La respuesta de los gobiernos miembros ha sido dispar. Mientras que algunos países han implementado programas ambiciosos de entrega de tabletas y computadoras a estudiantes de escuelas públicas, la falta de una estrategia de mantenimiento y capacitación docente ha hecho que gran parte de esta inversión se pierda o sea subutilizada. Los docentes, a menudo sin la formación necesaria para utilizar estas herramientas de manera pedagógicamente efectiva, se ven desbordados por un sistema que exige modernización sin ofrecer los recursos de soporte. La educación digital no se trata solo de la compra de hardware; es una transformación integral que exige cambios profundos en los programas de estudio y en la cultura de enseñanza dentro del Mercosur.
Para mitigar este problema, es fundamental una política regional que fomente la conectividad universal como un derecho humano. Los costos de los servicios de telecomunicaciones en la región son, en comparación con otros mercados emergentes, significativamente altos, lo que dificulta el acceso para familias con bajos recursos. La creación de una red de fibra óptica regional y la eliminación de aranceles de importación para dispositivos educativos son medidas que el Mercosur podría impulsar para democratizar el aprendizaje. Esta acción no solo beneficiaría a la educación, sino que tendría un efecto multiplicador en la economía al fomentar el desarrollo de contenidos locales y mejorar la calidad de vida de las familias en las zonas más apartadas.

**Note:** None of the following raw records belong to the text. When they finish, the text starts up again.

Lemma integral_relu_normal_pdf :
  (\int[lebesgue_measure]_x ((relu x)%:E * (normal_pdf 0 s x)%:E) =
   (s / Num.sqrt (pi *+ 2))%:E)%E.
Proof.
have s_neq0 : s != 0 by rewrite gt_eqF.
transitivity (\int[lebesgue_measure]_(x in `[0%R, +oo[) (normal_peak s * (x * gauss_k x))%:E)%E.
  rewrite [RHS]integral_mkcond; apply: eq_integral => x _; rewrite patchE.
  case: ifPn => [|x_notin]; last first.
    have x_lt0 : x < 0.
      by move: x_notin; rewrite notin_setE /= in_itv /= andbT => /negP; rewrite -ltNge.
    by rewrite /relu (max_idPl (ltW x_lt0)) mul0e.
  rewrite inE /= in_itv /= andbT => x_ge0.
  rewrite /relu (max_idPr x_ge0) /normal_pdf (negbTE s_neq0) /normal_fun subr0.
  by rewrite -EFinM /gauss_k /k; congr EFin; ring.
under eq_integral do rewrite EFinM.
rewrite ge0_integralZl//; last 3 first.
- apply/measurable_EFinP/measurable_funTS.
  exact: continuous_measurable_fun continuous_mul_gauss_k.
- by move=> x; rewrite /= in_itv /= andbT lee_fin => x_ge0; rewrite mulr_ge0 // expR_ge0.
- by rewrite lee_fin normal_peak_ge0.
rewrite integral0y_mul_gauss_k -EFinM; congr EFin.
have c_gt0 : 0 < Num.sqrt (pi *+ 2 : R) by rewrite sqrtr_gt0 pmulrn_rgt0 // pi_gt0.
rewrite /normal_peak -mulrnAr sqrtrM ?sqr_ge0 // sqrtr_sqr ger0_norm ?ltW //.
by field; rewrite s_neq0 gt_eqF.
Qed.

End relu_normal_moment.

Lemma relu_moment_gauss1 d (T : measurableType d) (R : realType) (P : probability T R)
    (Y : T -> R) (v : R) :
  measurable_fun setT Y -> 0 <= v ->
  (forall B, measurable B -> P (Y @^-1` B) = gauss1 v B) ->
  (\int[P]_t (relu (Y t))%:E = (Num.sqrt v / Num.sqrt (pi *+ 2))%:E)%E.
Proof.
move=> mY v_ge0 lawY.
have mrelu : measurable_fun setT (fun y : R => (relu y)%:E).
  by apply/measurable_EFinP; exact: measurable_relu.
have pushE := @ge0_integral_pushforward _ _ _ (measurableTypeR R) _ Y mY P setT
  (fun y => (relu y)%:E) measurableT mrelu.
rewrite preimage_setT in pushE.
rewrite -pushE; last by move=> y _; rewrite lee_fin relu_ge0.
have [v0|v_neq0] := eqVneq v 0.
  transitivity (\int[@dirac _ (measurableTypeR R) 0%R R]_y (relu y)%:E)%E.
    by apply: eq_measure_integral => A mA _; rewrite [LHS]lawY // /gauss1 v0 eqxx.
  by rewrite integral_dirac // diracT mul1e /relu maxxx v0 sqrtr0 mul0r.
have s_gt0 : 0 < Num.sqrt v by rewrite sqrtr_gt0 lt_def v_neq0 v_ge0.
transitivity (\int[normal_prob 0%R (Num.sqrt v)]_y (relu y)%:E)%E.
  by apply: eq_measure_integral => A mA _; rewrite [LHS]lawY // /gauss1 (negbTE v_neq0).
rewrite -(integral_relu_normal_pdf s_gt0).
apply: ge0_integral_density => //.
- exact: measurable_normal_pdf.
- by move=> x; exact: normal_pdf_ge0.
- by move=> y; rewrite lee_fin relu_ge0.
Qed.

Lemma gaussian_vector_coord d (T : measurableType d) (R : realType)
    (P : probability T R) n (X : T -> 'cV[R]_n) (Sigma : 'M[R]_n) i B :
  is_gaussian_vector P X Sigma -> measurable B ->
  P ((fun t => X t i ord0) @^-1` B) = gauss1 (Sigma i i) B.
Proof.
move=> [_ lawX] mB; rewrite -(quad_delta_mx Sigma) -lawX //.
by congr (P _); apply/funext => t /=; rewrite lin_delta_mx.
Qed.

Lemma weighted_relu_sum_le (R : realType) n (w : 'I_n -> R) (x : 'cV[R]_n) :
  \sum_i w i * relu (x i ord0) <= Num.sqrt (\sum_i w i ^+ 2) * norm2 (relu_vec x).
Proof.
rewrite /norm2 -sqrtrM; last by apply: sumr_ge0 => i _; exact: sqr_ge0.
under [X in _ <= Num.sqrt (_ * X)]eq_bigr do rewrite mxE.
rewrite (le_trans (ler_norm _)) // -sqrtr_sqr ler_wsqrtr //.
exact: sqr_sum_mul_le.
Qed.

Section weighted_relu_expectation.
Local Open Scope ereal_scope.
Context d (T : measurableType d) (R : realType) (mu : {measure set T -> \bar R}).
Context n (X : T -> 'cV[R]_n).
Hypothesis mX : forall i, measurable_fun setT (fun t => X t i ord0).

Let mrelu i : measurable_fun setT (fun t => relu (X t i ord0)).
Proof. exact: (measurableT_comp (@measurable_relu R) (mX i)). Qed.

Finalmente, el debate debe centrarse en la alfabetización crítica de los datos. En un mundo inundado de información, saber buscar, verificar y aplicar el conocimiento digital es la nueva moneda de cambio. Si el bloque logra establecer estándares comunes para el desarrollo de competencias digitales en el sistema escolar, estaría dando un paso gigantesco hacia la creación de una fuerza laboral capaz de navegar los desafíos de la inteligencia artificial y la automatización. El futuro del Mercosur no depende solo de la extracción de recursos naturales, sino de su capacidad para convertir a su población en ciudadanos digitales competentes, capaces de innovar y participar plenamente en la economía global del conocimiento.
ACERCA DEL CORRESPONSAL
GILSON DANTAS CARMINI
Gilson Dantas Carmini es periodista brasileño, presidente y editor en jefe de Prensa Mercosur. Especializado en integración regional, geopolítica y derechos humanos, desarrolla una destacada labor en el ámbito de la comunicación internacional.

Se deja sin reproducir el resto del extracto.